Al Montoya is and has been a very serviceable backup during his time in the NHL but, with no disrespect to Montoya of course, he is just that: a serviceable backup. He has started more than 25 games only once in his career and ended up with an .893 SV% and a 3.10 GAA. Not exactly promising. So if Montoya isn’t going to take the net for Price, who should? None other than Charlie Lindgren.

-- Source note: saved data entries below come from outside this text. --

(* Existence is the direct method in V x W: minimise the W-norm of g over the
   convex set of pairs (v, g) with v in K_f and (v, g) in R, on which the Poincare
   inequality bounds v in terms of g. Instead of extracting weakly convergent
   subsequences, a minimising sequence is sent to its limit along a Banach limit
   (a Hahn-Banach extension of lim sup), which reflexivity realises as a point of
   V x W; separating points from closed convex sets (Mazur) shows that this point
   lies in every closed convex sublevel set, hence is a minimiser. The minimal
   gradients of two solutions have the same norm, and the midpoint of the
   solutions is admissible with the midpoint of their gradients as a gradient, so
   strict convexity of W forces them to coincide. *)

From Stdlib Require Import Reals Lra Lia Classical ClassicalEpsilon FunctionalExtensionality.
From mathcomp Require classical_sets.
Open Scope R_scope.

Section VectorAlgebra.
Context {X : Type} (S : VectSpace X).

Lemma vadd_0r x : vadd S x (vzero S) = x.
Proof. rewrite vadd_comm; apply vadd_0. Qed.

Lemma vadd_ACA p q r s :
  vadd S (vadd S p q) (vadd S r s) = vadd S (vadd S p r) (vadd S q s).
Proof.
rewrite <- !vadd_assoc; f_equal.
rewrite !vadd_assoc; f_equal; apply vadd_comm.
Qed.

Lemma vadd_inj_l x y z : vadd S x y = vadd S x z -> y = z.
Proof.
intros H; rewrite <- (vadd_0 _ S y), <- (vadd_0 _ S z), <- (vadd_opp _ S x).
rewrite (vadd_comm _ S x), <- !vadd_assoc, H; reflexivity.
Qed.

Lemma vscal_0l x : vscal S 0 x = vzero S.
Proof.
apply (vadd_inj_l (vscal S 0 x)).
rewrite <- vscal_addl, vadd_0r; f_equal; ring.
Qed.

Lemma vscal_0r a : vscal S a (vzero S) = vzero S.
Proof. rewrite <- (vscal_0l (vzero S)), vscal_assoc, Rmult_0_r; reflexivity. Qed.

Lemma vopp_vscal x : vopp S x = vscal S (-1) x.
Proof.
apply (vadd_inj_l x); rewrite vadd_opp.
rewrite <- (vscal_1 _ S x) at 1; rewrite <- vscal_addl.
replace (1 + -1) with 0 by ring; symmetry; apply vscal_0l.
Qed.

(* Normal form for the [vsolve] tactic below: linear combinations of six atoms. *)
Definition lincomb (a1 a2 a3 a4 a5 a6 : R) (x1 x2 x3 x4 x5 x6 : X) : X :=
  vadd S (vscal S a1 x1) (vadd S (vscal S a2 x2) (vadd S (vscal S a3 x3)
   (vadd S (vscal S a4 x4) (vadd S (vscal S a5 x5) (vscal S a6 x6))))).

Lemma lincomb_add a1 a2 a3 a4 a5 a6 b1 b2 b3 b4 b5 b6 x1 x2 x3 x4 x5 x6 e1 e2 :
  e1 = lincomb a1 a2 a3 a4 a5 a6 x1 x2 x3 x4 x5 x6 ->
  e2 = lincomb b1 b2 b3 b4 b5 b6 x1 x2 x3 x4 x5 x6 ->
  vadd S e1 e2 =
  lincomb (a1+b1) (a2+b2) (a3+b3) (a4+b4) (a5+b5) (a6+b6) x1 x2 x3 x4 x5 x6.
Proof.
intros -> ->; unfold lincomb.
do 5 (rewrite vadd_ACA; f_equal; [symmetry; apply vscal_addl|]).
symmetry; apply vscal_addl.
Qed.

Lemma lincomb_scal c a1 a2 a3 a4 a5 a6 x1 x2 x3 x4 x5 x6 e :
  e = lincomb a1 a2 a3 a4 a5 a6 x1 x2 x3 x4 x5 x6 ->
  vscal S c e = lincomb (c*a1) (c*a2) (c*a3) (c*a4) (c*a5) (c*a6) x1 x2 x3 x4 x5 x6.
Proof. intros ->; unfold lincomb; rewrite !vscal_addr, !vscal_assoc; reflexivity. Qed.

Lemma lincomb_opp a1 a2 a3 a4 a5 a6 x1 x2 x3 x4 x5 x6 e :
  e = lincomb a1 a2 a3 a4 a5 a6 x1 x2 x3 x4 x5 x6 ->
  vopp S e =
  lincomb (-1*a1) (-1*a2) (-1*a3) (-1*a4) (-1*a5) (-1*a6) x1 x2 x3 x4 x5 x6.
Proof. intros ->; rewrite vopp_vscal; apply lincomb_scal; reflexivity. Qed.

Lemma lincomb_sub a1 a2 a3 a4 a5 a6 b1 b2 b3 b4 b5 b6 x1 x2 x3 x4 x5 x6 e1 e2 :
  e1 = lincomb a1 a2 a3 a4 a5 a6 x1 x2 x3 x4 x5 x6 ->
  e2 = lincomb b1 b2 b3 b4 b5 b6 x1 x2 x3 x4 x5 x6 ->
  vsub S e1 e2 = lincomb (a1 + -1*b1) (a2 + -1*b2) (a3 + -1*b3) (a4 + -1*b4)
                   (a5 + -1*b5) (a6 + -1*b6) x1 x2 x3 x4 x5 x6.
Proof. intros H1 H2; apply lincomb_add; [exact H1 | apply lincomb_opp, H2]. Qed.

Lemma lincomb_zero x1 x2 x3 x4 x5 x6 : vzero S = lincomb 0 0 0 0 0 0 x1 x2 x3 x4 x5 x6.
Proof. unfold lincomb; rewrite !vscal_0l, !vadd_0; reflexivity. Qed.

This season in the AHL, Lindgren has been awful, plain and simple. But, last season he won 24 games in the AHL and had reasonably good numbers (.914 SV%, 2.56 GAA) for a young starting goaltender in his first professional season. It’s his small NHL sample that makes him a very curious option. Lindgren has started three games in the NHL, winning all of them with a .943 SV% and 1.64 GAA.
Not a Long-Term Solution
Don’t get me wrong here, I’m not suggesting that the team should toss Price in the press box or on the bench for the next month and see if Lindgren can steal the starting job. That obviously isn’t an option. But we know Price is better than what he’s shown us, so it could be beneficial for him to sit and observe. He could study how his new defense core plays, as well as give himself the opportunity to get his mind back on track.
Not only could it be beneficial for Price, but it would also give the organization a chance to really see what they have with Lindgren. If his NCAA career and small NHL sample size are any indications then it’s possible Lindgren could be an NHL starting goaltender. If he were to come up and play well, that could give Montreal a huge trade chip to either add more scoring up front or bring in a more offensive-minded defenseman.
Although it seems like a massive stretch to try something of this magnitude, at this point the Canadiens should be thinking about trying anything and everything to right the ship.